◆ What is expected
Every line below between the one holding "with |S[j..j']| >= 2p, pushes" and the one holding "apply/frag_periodP => //;", inclusive, should be copied exactly, and no other line.

** Data for this task follows **

(* Let $S$ be a string and let $i<j<k$ be positions such that $S[i\mathinner{.\,.}i']$, $S[j\mathinner{.\,.}j']$ and $S[k\mathinner{.\,.}k']$ are runs of $S$ having the same (smallest) period. Then $k>i'$.
   Context: An integer $p>0$ is a period of a string $P$ if $P[t]=P[t+p]$ for all $t\in[0,|P|-p)$; $\mathsf{per}(P)$ is the smallest period of $P$. A fragment $F=S[a\mathinner{.\,.}b]$ of $S$ is a run of $S$ if $\mathsf{per}(F)\leq |F|/2$ and $F$ cannot be extended by one position to the left or to the right within $S$ with its smallest period remaining the same. *)

From mathcomp Require Import all_boot.
Set Implicit Arguments. Unset Strict Implicit. Unset Printing Implicit Defensive.

Definition is_period (T : eqType) (P : seq T) (p : nat) : Prop :=
  0 < p /\ forall (x0 : T) (t : nat), t + p < size P -> nth x0 P t = nth x0 P (t + p).

Definition is_per (T : eqType) (P : seq T) (p : nat) : Prop :=
  is_period P p /\ forall q, is_period P q -> p <= q.

(* The fragment S[a..b] (inclusive), meaningful when a <= b < |S|. *)
Definition frag (T : eqType) (S : seq T) (a b : nat) : seq T :=
  take (b.+1 - a) (drop a S).

Definition run_with_per (T : eqType) (S : seq T) (a b p : nat) : Prop :=
  [/\ a <= b < size S,
      is_per (frag S a b) p,
      2 * p <= size (frag S a b),
      (0 < a -> ~ is_per (frag S a.-1 b) p) &
      (b.+1 < size S -> ~ is_per (frag S a b.+1) p)].

(** Two runs with the same period p overlap on fewer than p positions: if a
   later run S[b..b'] started at least p positions before the end of an earlier
   run S[a..a'], then S[b-1] = S[b-1+p] would hold inside S[a..a'], so S[b-1..b']
   would still have smallest period p, contradicting the left maximality of the
   later run.  Chaining this for (i, j) and (j, k), with |S[j..j']| >= 2p, pushes
   k beyond i'. *)

From mathcomp Require Import all_boot.
From mathcomp Require Import zify.

Set Implicit Arguments.
Unset Strict Implicit.

Section Fragments.

Variables (T : eqType) (S : seq T).

Lemma size_frag a b : b < size S -> size (frag S a b) = b.+1 - a.
Proof. by move=> lt_b; rewrite /frag size_takel // size_drop; lia. Qed.

Lemma nth_frag x0 a b t : t < b.+1 - a -> nth x0 (frag S a b) t = nth x0 S (a + t).
Proof. by move=> lt_t; rewrite /frag nth_take // nth_drop. Qed.

Lemma frag_periodP a b p : b < size S ->
  is_period (frag S a b) p <->
  0 < p /\ forall x0 t, a <= t -> t + p <= b -> nth x0 S t = nth x0 S (t + p).
Proof.
move=> lt_b; rewrite /is_period size_frag //; split=> -[p_gt0 per]; split=> // x0 t.
- move=> le_at le_tb; have := per x0 (t - a); rewrite !nth_frag; try lia.
  by rewrite addnA subnKC //; apply; lia.
- move=> lt_t; rewrite !nth_frag; try lia.
  by rewrite addnA; apply: per; lia.
Qed.

Lemma frag_period_sub a b c d q :
  c <= a -> b <= d -> d < size S ->
  is_period (frag S c d) q -> is_period (frag S a b) q.
Proof.
move=> le_ca le_bd lt_d /frag_periodP-/(_ lt_d)[q_gt0 per].
apply/frag_periodP; first lia.
by split=> // x0 t le_at le_tb; apply: per; lia.
Qed.

Lemma run_size a b p : run_with_per S a b p -> 2 * p <= b.+1 - a.
Proof. by case=> /andP[_ lt_b] _ long _ _; rewrite size_frag in long. Qed.

Lemma run_overlap_lt_per a a' b b' p :
  a < b -> run_with_per S a a' p -> run_with_per S b b' p -> a'.+1 < b + p.
Proof.
move=> lt_ab Ra Rb; rewrite ltnNge; apply/negP=> covered.
have long_b := run_size Rb.
case: Ra => /andP[_ lt_a'] [/frag_periodP-/(_ lt_a')[p_gt0 per_a] _] _ _ _.
case: Rb => /andP[_ lt_b'] [/frag_periodP-/(_ lt_b')[_ per_b] min_b] _ left_max _.
apply: left_max; first lia.
split=> [|q /(frag_period_sub (leq_pred b) (leqnn b') lt_b')]; last exact: min_b.
apply/frag_periodP => //; split=> // x0 t le_t le_tb'.
have [-> | lt_t] := eqVneq t b.-1; first by apply: per_a; lia.
by apply: per_b; lia.
Qed.

End Fragments.

Theorem lemma2 (T : eqType) (S : seq T) (i i' j j' k k' p : nat) :
  i < j -> j < k ->
  run_with_per S i i' p -> run_with_per S j j' p -> run_with_per S k k' p ->
  k > i'.
Proof.
move=> lt_ij lt_jk Ri Rj Rk.
have := run_overlap_lt_per lt_ij Ri Rj.
have := run_overlap_lt_per lt_jk Rj Rk.
have := run_size Rj.
lia.
Qed.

** End of Data for this task **

◆ Solution
   later run.  Chaining this for (i, j) and (j, k), with |S[j..j']| >= 2p, pushes
   k beyond i'. *)

From mathcomp Require Import all_boot.
From mathcomp Require Import zify.

Set Implicit Arguments.
Unset Strict Implicit.

Section Fragments.

Variables (T : eqType) (S : seq T).

Lemma size_frag a b : b < size S -> size (frag S a b) = b.+1 - a.
Proof. by move=> lt_b; rewrite /frag size_takel // size_drop; lia. Qed.

Lemma nth_frag x0 a b t : t < b.+1 - a -> nth x0 (frag S a b) t = nth x0 S (a + t).
Proof. by move=> lt_t; rewrite /frag nth_take // nth_drop. Qed.

Lemma frag_periodP a b p : b < size S ->
  is_period (frag S a b) p <->
  0 < p /\ forall x0 t, a <= t -> t + p <= b -> nth x0 S t = nth x0 S (t + p).
Proof.
move=> lt_b; rewrite /is_period size_frag //; split=> -[p_gt0 per]; split=> // x0 t.
- move=> le_at le_tb; have := per x0 (t - a); rewrite !nth_frag; try lia.
  by rewrite addnA subnKC //; apply; lia.
- move=> lt_t; rewrite !nth_frag; try lia.
  by rewrite addnA; apply: per; lia.
Qed.

Lemma frag_period_sub a b c d q :
  c <= a -> b <= d -> d < size S ->
  is_period (frag S c d) q -> is_period (frag S a b) q.
Proof.
move=> le_ca le_bd lt_d /frag_periodP-/(_ lt_d)[q_gt0 per].
apply/frag_periodP; first lia.
by split=> // x0 t le_at le_tb; apply: per; lia.
Qed.

Lemma run_size a b p : run_with_per S a b p -> 2 * p <= b.+1 - a.
Proof. by case=> /andP[_ lt_b] _ long _ _; rewrite size_frag in long. Qed.

Lemma run_overlap_lt_per a a' b b' p :
  a < b -> run_with_per S a a' p -> run_with_per S b b' p -> a'.+1 < b + p.
Proof.
move=> lt_ab Ra Rb; rewrite ltnNge; apply/negP=> covered.
have long_b := run_size Rb.
case: Ra => /andP[_ lt_a'] [/frag_periodP-/(_ lt_a')[p_gt0 per_a] _] _ _ _.
case: Rb => /andP[_ lt_b'] [/frag_periodP-/(_ lt_b')[_ per_b] min_b] _ left_max _.
apply: left_max; first lia.
split=> [|q /(frag_period_sub (leq_pred b) (leqnn b') lt_b')]; last exact: min_b.
apply/frag_periodP => //; split=> // x0 t le_t le_tb'.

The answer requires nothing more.